---------- Input ----------

Lemma R_tail_forced (x : state) (i : nat) :
  (4 + NP p <= i <= 2 + NP p + NR p)%nat -> forced x i.
Proof.
  intro Hi. chain_bounds.
  apply (forced_damped_intro _ _ _ _ x i (kR p)
           (kR p * (x (i - 1)%nat - kin p * (TR p / INR (NR p))))
           0 (kR p)); try lra; unfold field, equil; case_index.
  - ring.
  - rewrite Rabs_mult, (Rabs_pos_eq (kR p)) by lra. lra.
Qed.

Lemma perez_ruixo_damped_chain :
  damped_chain (dim p) (field p) (equil p) (A2star p) (chain_rate p) (chain_gain p).
Proof.
  intros x Hx. pose proof chain_rate_le as (Hka' & HA2 & _). pose proof hP_bounds. split.
  - intros i Hi. destruct i as [| [| i]]; [| | lia].
    + exists (ka p). split; [exact Hka' | unfold field, equil; simpl; ring].
    + destruct (A2_damped x Hx) as [b [Hb Hf]]. exists b. split; [lra | exact Hf].
  - intros i Hi. unfold dim in Hi.
    destruct (Nat.eq_dec i 2) as [-> | ]; [apply A3_forced |].
    destruct (Nat.eq_dec i 3) as [-> | ]; [apply P1_forced, Hx |].
    destruct (Nat.le_gt_cases i (2 + hP p)); [apply P_Ve_transit_forced; [exact Hx | lia] |].
    destruct (Nat.eq_dec i (3 + hP p)) as [-> | ]; [apply P_mid_forced, Hx |].
    destruct (Nat.le_gt_cases i (2 + NP p)); [apply P_tail_forced; lia |].
    destruct (Nat.eq_dec i (3 + NP p)) as [-> | ]; [apply R1_forced |].
    apply R_tail_forced. lia.
Qed.

End PerezRuixo.

Theorem proposition5p1 (p : params) :
  0 < ka p -> 0 < kepo p -> 0 < Vmax p -> 0 < KM p -> 0 < V1 p ->
  0 < k23 p -> 0 < k32 p -> 0 < BSL p -> 0 < kin p -> 0 < Smax p ->
  0 < SC50 p -> (0 < NP p)%nat -> 0 < TP p -> (0 < NR p)%nat -> 0 < TR p ->
  Vmax p > kepo p -> Nat.even (NP p) = true ->
  is_equilibrium (dim p) (field p) (equil p) /\
  loc_asympt_stable (dim p) (field p) (equil p).
Proof.
  intros.
  apply (damped_chain_loc_asympt_stable _ _ _ (A2star p) (chain_rate p) (chain_gain p)).
  - apply A2star_pos; assumption.
  - apply chain_rate_pos; assumption.
  - apply chain_gain_pos; assumption.
  - unfold dim. lia.
  - apply perez_ruixo_damped_chain; assumption.
Qed.
(* Fix $\mu\in\mathcal P$ and a sample set $\{y^1,\dots,y^N\}\subset\Xi$, $N\ge2$. With all quantities defined as in the context (evaluated at $(y^n,\mu)$ for each sample), \begin{align*} &\big|V[l(u)]-V[l(u^R)]+V[r(u^R_{(1)})]+\underline E[r(u^R_{(2)})]-\underline E[r(u^R_{(3)})]-E[r(u^R_{(4)})]\big|\\ &\le \underline E\Big[\frac{\|r\|_{X'}^2\|r_{(1)}\|_{X'}^2}{\alpha^2}\Big]+E\Big[\frac{\|r\|_{X'}\|r_{(1)}\|_{X'}}{\alpha}\Big]\,\underline E\Big[\frac{\|r\|_{X'}\|r_{(1)}\|_{X'}}{\alpha}\Big] +\underline E\Big[\frac{\big\|r_{(2)}-r_{(3)}-\frac{N-1}{N}r_{(4)}\big\|_{X'}\,\|r\|_{X'}}{\alpha}\Big]. \end{align*}
   Context: $X$ is a real separable Hilbert space; $\Xi\subset\mathbb R^K$ and $\mathcal P\subset\mathbb R^P$ are parameter domains. For each $(y,\mu)$, $a(\cdot,\cdot;y,\mu)$ is a bounded bilinear form on $X\times X$, coercive with coercivity factor $\alpha(y,\mu):=\inf_{v\ne0}a(v,v;y,\mu)/\|v\|_X^2>0$, and $f(\cdot;y,\mu)$, $l(\cdot;y,\mu)$ are bounded linear forms on $X$. Dual norm $\|F\|_{X'}:=\sup_{v\ne0}|F(v)|/\|v\|_X$. For a function $g$ of $y$ and samples $y^1,\dots,y^N$, define $E[g]:=\frac1N\sum_{n}g(y^n)$, $\underline E[g]:=\frac1{N-1}\sum_n g(y^n)$, $V[g]:=\underline E[g^2]-\underline E[g]E[g]$. Fix subspaces $X^R,X^R_{(1)},\dots,X^R_{(4)}\subset X$. For each $(y,\mu)$ (forms evaluated at $(y,\mu)$): $u\in X$ solves $a(u,v)=f(v)$ $\forall v\in X$; $u^R\in X^R$ solves $a(u^R,v)=f(v)$ $\forall v\in X^R$; residual $r(\cdot):=f(\cdot)-a(u^R,\cdot)$. Linear forms: $l_{(1)}(\cdot):=l(\cdot)$; $l_{(2)}(\cdot):=2\big(l(u^R)-r(u^R_{(1)})\big)l(\cdot)$; $l_{(3)}(\cdot):=E\big[l(u^R)-r(u^R_{(1)})\big]\,l(\cdot)$; $l_{(4)}(\cdot):=\underline E\big[l(u^R)-r(u^R_{(1)})\big]\,l(\cdot)$, where in $l_{(3)},l_{(4)}$ the Monte Carlo means are taken over the samples (so they are scalars independent of $y$). For $i=1,\dots,4$, $u^R_{(i)}\in X^R_{(i)}$ solves $a(v,u^R_{(i)})=-l_{(i)}(v)$ for all $v\in X^R_{(i)}$ (defined successively), and $r_{(i)}(\cdot):=-l_{(i)}(\cdot)-a(\cdot,u^R_{(i)})$. *)

From Stdlib Require Import Reals Lra ClassicalEpsilon.
Open Scope R_scope.

Record Hilbert := {
  hcar :> Type;
  hzero : hcar;
  hadd : hcar -> hcar -> hcar;
  hopp : hcar -> hcar;
  hscal : R -> hcar -> hcar;
  hinner : hcar -> hcar -> R;
  hadd_assoc : forall x y z, hadd x (hadd y z) = hadd (hadd x y) z;
  hadd_comm : forall x y, hadd x y = hadd y x;
  hadd_0 : forall x, hadd x hzero = x;
  hadd_opp : forall x, hadd x (hopp x) = hzero;
  hscal_assoc : forall a b x, hscal a (hscal b x) = hscal (a * b) x;
  hscal_1 : forall x, hscal 1 x = x;
  hscal_distr_v : forall a x y, hscal a (hadd x y) = hadd (hscal a x) (hscal a y);
  hscal_distr_s : forall a b x, hscal (a + b) x = hadd (hscal a x) (hscal b x);
  hinner_sym : forall x y, hinner x y = hinner y x;
  hinner_add_l : forall x y z, hinner (hadd x y) z = hinner x z + hinner y z;
  hinner_scal_l : forall a x y, hinner (hscal a x) y = a * hinner x y;
  hinner_nonneg : forall x, 0 <= hinner x x;
  hinner_def : forall x, hinner x x = 0 -> x = hzero;
  hcomplete : forall s : nat -> hcar,
    (forall eps, eps > 0 -> exists M, forall m n, (m >= M)%nat -> (n >= M)%nat ->
       sqrt (hinner (hadd (s m) (hopp (s n))) (hadd (s m) (hopp (s n)))) < eps) ->
    exists x, forall eps, eps > 0 -> exists M, forall n, (n >= M)%nat ->
       sqrt (hinner (hadd (s n) (hopp x)) (hadd (s n) (hopp x))) < eps;
  hseparable : exists d : nat -> hcar, forall x eps, eps > 0 -> exists n,
       sqrt (hinner (hadd x (hopp (d n))) (hadd x (hopp (d n)))) < eps
}.

Arguments hzero {_}.
Arguments hadd {_}.
Arguments hopp {_}.
Arguments hscal {_}.
Arguments hinner {_}.

Definition hnorm {X : Hilbert} (x : X) : R := sqrt (hinner x x).

Definition Rsup (E : R -> Prop) : R := epsilon (inhabits 0) (is_lub E).

(* dual norm ||F||_{X'} = sup_{v<>0} |F v| / ||v||  (0 if X = {0}) *)
Definition dual_norm {X : Hilbert} (F : X -> R) : R :=
  Rsup (fun t => t = 0 \/ exists v : X, v <> hzero /\ t = Rabs (F v) / hnorm v).

(* coercivity factor alpha = inf_{v<>0} a(v,v)/||v||^2 *)
Definition coercivity_factor {X : Hilbert} (a : X -> X -> R) : R :=
  - Rsup (fun t => exists v : X, v <> hzero /\ t = - (a v v / (hnorm v) ^ 2)).

Definition is_linear_form {X : Hilbert} (F : X -> R) : Prop :=
  (forall x y, F (hadd x y) = F x + F y) /\ (forall c x, F (hscal c x) = c * F x).

Definition bounded_linear_form {X : Hilbert} (F : X -> R) : Prop :=
  is_linear_form F /\ exists C, forall v, Rabs (F v) <= C * hnorm v.

Definition bounded_bilinear_form {X : Hilbert} (a : X -> X -> R) : Prop :=
  (forall v, is_linear_form (fun u => a u v)) /\
  (forall u, is_linear_form (fun v => a u v)) /\
  exists C, forall u v, Rabs (a u v) <= C * hnorm u * hnorm v.

Definition coercive {X : Hilbert} (a : X -> X -> R) : Prop :=
  exists c, c > 0 /\ forall v, a v v >= c * (hnorm v) ^ 2.

Definition is_subspace {X : Hilbert} (S : X -> Prop) : Prop :=
  S hzero /\ (forall x y, S x -> S y -> S (hadd x y)) /\
  (forall c x, S x -> S (hscal c x)).

Fixpoint sumN (N : nat) (g : nat -> R) : R :=
  match N with O => 0 | S n => sumN n g + g n end.

Definition MC_E (N : nat) (g : nat -> R) : R := sumN N g / INR N.
Definition MC_Eu (N : nat) (g : nat -> R) : R := sumN N g / (INR N - 1).
Definition MC_V (N : nat) (g : nat -> R) : R :=
  MC_Eu N (fun n => g n ^ 2) - MC_Eu N g * MC_E N g.

From Stdlib Require Import Reals Lra Lia ClassicalEpsilon.
From Stdlib Require Vectors.Fin.
Open Scope R_scope.

(* Write e := u - u^R. Exactness of u gives the error equation a(e, v) = r(v), so coercivity
   yields ||e|| <= ||r||/alpha, hence |F(e)| <= ||F|| ||r||/alpha for every bounded form F.
   Testing the dual problems with e gives l(u) = s - d with s := l(u^R) - r(u^R_(1)) and
   d := r_(1)(e), and r(u^R_(i)) = k_i (d + r(u^R_(1))) - r_(i)(e), where k_i is the scalar
   with l_(i) = k_i l. The sample variance is the quadratic form of the sample covariance
   Eu[g h] - Eu[g] E[h], and with this the left-hand side collapses to the exact identity
   V[d] - Eu[r_(2)(e) - r_(3)(e) - (N-1)/N r_(4)(e)]; both terms are then bounded by the
   error estimate. *)

Lemma sumN_ext (N : nat) (g h : nat -> R) :
  (forall n, (n < N)%nat -> g n = h n) -> sumN N g = sumN N h.
Proof.
  induction N as [|M IH]; intros Hgh; simpl; [reflexivity|].
  rewrite IH, Hgh; [reflexivity | lia | intros; apply Hgh; lia].
Qed.

Lemma sumN_le (N : nat) (g h : nat -> R) :
  (forall n, (n < N)%nat -> g n <= h n) -> sumN N g <= sumN N h.
Proof.
  induction N as [|M IH]; intros Hgh; simpl; [lra|].
  apply Rplus_le_compat; [apply IH; intros; apply Hgh|apply Hgh]; lia.
Qed.

Lemma Rabs_sumN_le (N : nat) (g : nat -> R) :
  Rabs (sumN N g) <= sumN N (fun n => Rabs (g n)).
Proof.
  induction N as [|M IH]; simpl; [rewrite Rabs_R0; lra|].
  eapply Rle_trans; [apply Rabs_triang|lra].
Qed.

Lemma sumN_plus (N : nat) (g h : nat -> R) :
  sumN N (fun n => g n + h n) = sumN N g + sumN N h.
Proof. induction N as [|M IH]; simpl; [ring|rewrite IH; ring]. Qed.

Lemma sumN_minus (N : nat) (g h : nat -> R) :
  sumN N (fun n => g n - h n) = sumN N g - sumN N h.
Proof. induction N as [|M IH]; simpl; [ring|rewrite IH; ring]. Qed.

Lemma sumN_scal (N : nat) (k : R) (g : nat -> R) :
  sumN N (fun n => k * g n) = k * sumN N g.
Proof. induction N as [|M IH]; simpl; [ring|rewrite IH; ring]. Qed.

Section MonteCarlo.

Variable N : nat.

Definition MC_cov (g h : nat -> R) : R :=
  MC_Eu N (fun n => g n * h n) - MC_Eu N g * MC_E N h.

Lemma MC_E_ext (g h : nat -> R) :
  (forall n, (n < N)%nat -> g n = h n) -> MC_E N g = MC_E N h.
Proof. intros; unfold MC_E; rewrite (sumN_ext N g h); auto. Qed.

Lemma MC_Eu_ext (g h : nat -> R) :
  (forall n, (n < N)%nat -> g n = h n) -> MC_Eu N g = MC_Eu N h.
Proof. intros; unfold MC_Eu; rewrite (sumN_ext N g h); auto. Qed.

Lemma MC_V_ext (g h : nat -> R) :
  (forall n, (n < N)%nat -> g n = h n) -> MC_V N g = MC_V N h.
Proof.
  intros Hgh; unfold MC_V.
  rewrite (MC_Eu_ext g h), (MC_E_ext g h), (MC_Eu_ext (fun n => g n ^ 2) (fun n => h n ^ 2));
    auto.
  intros n Hn; rewrite Hgh; auto.
Qed.

Lemma MC_V_cov (g : nat -> R) : MC_V N g = MC_cov g g.
Proof.
  unfold MC_V, MC_cov; f_equal.
  apply MC_Eu_ext; intros; ring.
Qed.

Lemma MC_cov_minusl (g h k : nat -> R) :
  MC_cov (fun n => g n - h n) k = MC_cov g k - MC_cov h k.
Proof.
  unfold MC_cov, MC_Eu, MC_E, Rdiv.
  rewrite (sumN_ext N _ (fun n => g n * k n - h n * k n)) by (intros; ring).
  rewrite !sumN_minus; ring.
Qed.

Lemma MC_cov_plusr (g h k : nat -> R) :
  MC_cov g (fun n => h n + k n) = MC_cov g h + MC_cov g k.
Proof.
  unfold MC_cov, MC_Eu, MC_E, Rdiv.
  rewrite (sumN_ext N _ (fun n => g n * h n + g n * k n)) by (intros; ring).
  rewrite !sumN_plus; ring.
Qed.

Lemma MC_V_minus (g h : nat -> R) :
  MC_V N (fun n => g n - h n) = MC_V N g - 2 * MC_cov g h + MC_V N h.
Proof.
  unfold MC_V, MC_cov, MC_Eu, MC_E, Rdiv.
  rewrite (sumN_ext N _ (fun n => g n ^ 2 - 2 * (g n * h n) + h n ^ 2)) by (intros; ring).
  rewrite sumN_plus, !sumN_minus, sumN_scal; ring.
Qed.

Hypothesis HN : (2 <= N)%nat.

Let INR_N_ge2 : 2 <= INR N.
Proof. replace 2 with (INR 2) by (simpl; ring); apply le_INR, HN. Qed.

Lemma Rabs_MC_E_le (g b : nat -> R) :
  (forall n, (n < N)%nat -> Rabs (g n) <= b n) -> Rabs (MC_E N g) <= MC_E N b.
Proof.
  intros Hgb; unfold MC_E, Rdiv.
  rewrite Rabs_mult, (Rabs_right (/ INR N)) by (apply Rle_ge, Rlt_le, Rinv_0_lt_compat; lra).
  apply Rmult_le_compat_r; [apply Rlt_le, Rinv_0_lt_compat; lra|].
  eapply Rle_trans; [apply Rabs_sumN_le|apply sumN_le; auto].
Qed.

Lemma Rabs_MC_Eu_le (g b : nat -> R) :
  (forall n, (n < N)%nat -> Rabs (g n) <= b n) -> Rabs (MC_Eu N g) <= MC_Eu N b.
Proof.
  intros Hgb; unfold MC_Eu, Rdiv.
  rewrite Rabs_mult, (Rabs_right (/ (INR N - 1)))
    by (apply Rle_ge, Rlt_le, Rinv_0_lt_compat; lra).
  apply Rmult_le_compat_r; [apply Rlt_le, Rinv_0_lt_compat; lra|].
  eapply Rle_trans; [apply Rabs_sumN_le|apply sumN_le; auto].
Qed.

Lemma MC_V_corrected_eq (p q d R2 R3 R4 : nat -> R) :
  MC_V N (fun n => p n - q n - d n) - MC_V N p + MC_V N q
  + MC_Eu N (fun n => 2 * (p n - q n) * (d n + q n) - R2 n)
  - MC_Eu N (fun n => MC_E N (fun n => p n - q n) * (d n + q n) - R3 n)
  - MC_E N (fun n => MC_Eu N (fun n => p n - q n) * (d n + q n) - R4 n)
  = MC_V N d - MC_Eu N (fun n => R2 n - R3 n - (INR N - 1) / INR N * R4 n).
Proof.
  set (s := fun n => p n - q n); set (w := fun n => d n + q n).
  assert (Hvar : MC_V N (fun n => p n - q n - d n) - MC_V N p + MC_V N q
                 = MC_V N d - 2 * MC_cov s w).
  { rewrite !MC_V_minus; unfold s, w.
    rewrite MC_cov_plusr, !MC_cov_minusl, <- MC_V_cov; ring. }
  (* Since E[s] Eu[w] = Eu[s] E[w] and E = (N-1)/N Eu, the dual corrections reproduce exactly
     the cross term of the variance. *)
  assert (Hcross : MC_Eu N (fun n => 2 * (p n - q n) * (d n + q n) - R2 n)
      - MC_Eu N (fun n => MC_E N s * w n - R3 n) - MC_E N (fun n => MC_Eu N s * w n - R4 n)
      = 2 * MC_cov s w - MC_Eu N (fun n => R2 n - R3 n - (INR N - 1) / INR N * R4 n)).
  { rewrite (MC_Eu_ext _ (fun n => 2 * (s n * w n) - R2 n)) by (intros; unfold s, w; ring).
    unfold MC_cov, MC_Eu, MC_E, Rdiv.
    rewrite !sumN_minus, !sumN_scal; field; lra. }
  cbv beta delta [s w] in *; lra.
Qed.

----------

Your task: Above are the records; from them, give again exactly the lines from the one containing "hcar :> Type;" through the one containing "sqrt (hinner (hadd (s m)", both included.

Reply:
  hcar :> Type;
  hzero : hcar;
  hadd : hcar -> hcar -> hcar;
  hopp : hcar -> hcar;
  hscal : R -> hcar -> hcar;
  hinner : hcar -> hcar -> R;
  hadd_assoc : forall x y z, hadd x (hadd y z) = hadd (hadd x y) z;
  hadd_comm : forall x y, hadd x y = hadd y x;
  hadd_0 : forall x, hadd x hzero = x;
  hadd_opp : forall x, hadd x (hopp x) = hzero;
  hscal_assoc : forall a b x, hscal a (hscal b x) = hscal (a * b) x;
  hscal_1 : forall x, hscal 1 x = x;
  hscal_distr_v : forall a x y, hscal a (hadd x y) = hadd (hscal a x) (hscal a y);
  hscal_distr_s : forall a b x, hscal (a + b) x = hadd (hscal a x) (hscal b x);
  hinner_sym : forall x y, hinner x y = hinner y x;
  hinner_add_l : forall x y z, hinner (hadd x y) z = hinner x z + hinner y z;
  hinner_scal_l : forall a x y, hinner (hscal a x) y = a * hinner x y;
  hinner_nonneg : forall x, 0 <= hinner x x;
  hinner_def : forall x, hinner x x = 0 -> x = hzero;
  hcomplete : forall s : nat -> hcar,
    (forall eps, eps > 0 -> exists M, forall m n, (m >= M)%nat -> (n >= M)%nat ->
       sqrt (hinner (hadd (s m) (hopp (s n))) (hadd (s m) (hopp (s n)))) < eps) ->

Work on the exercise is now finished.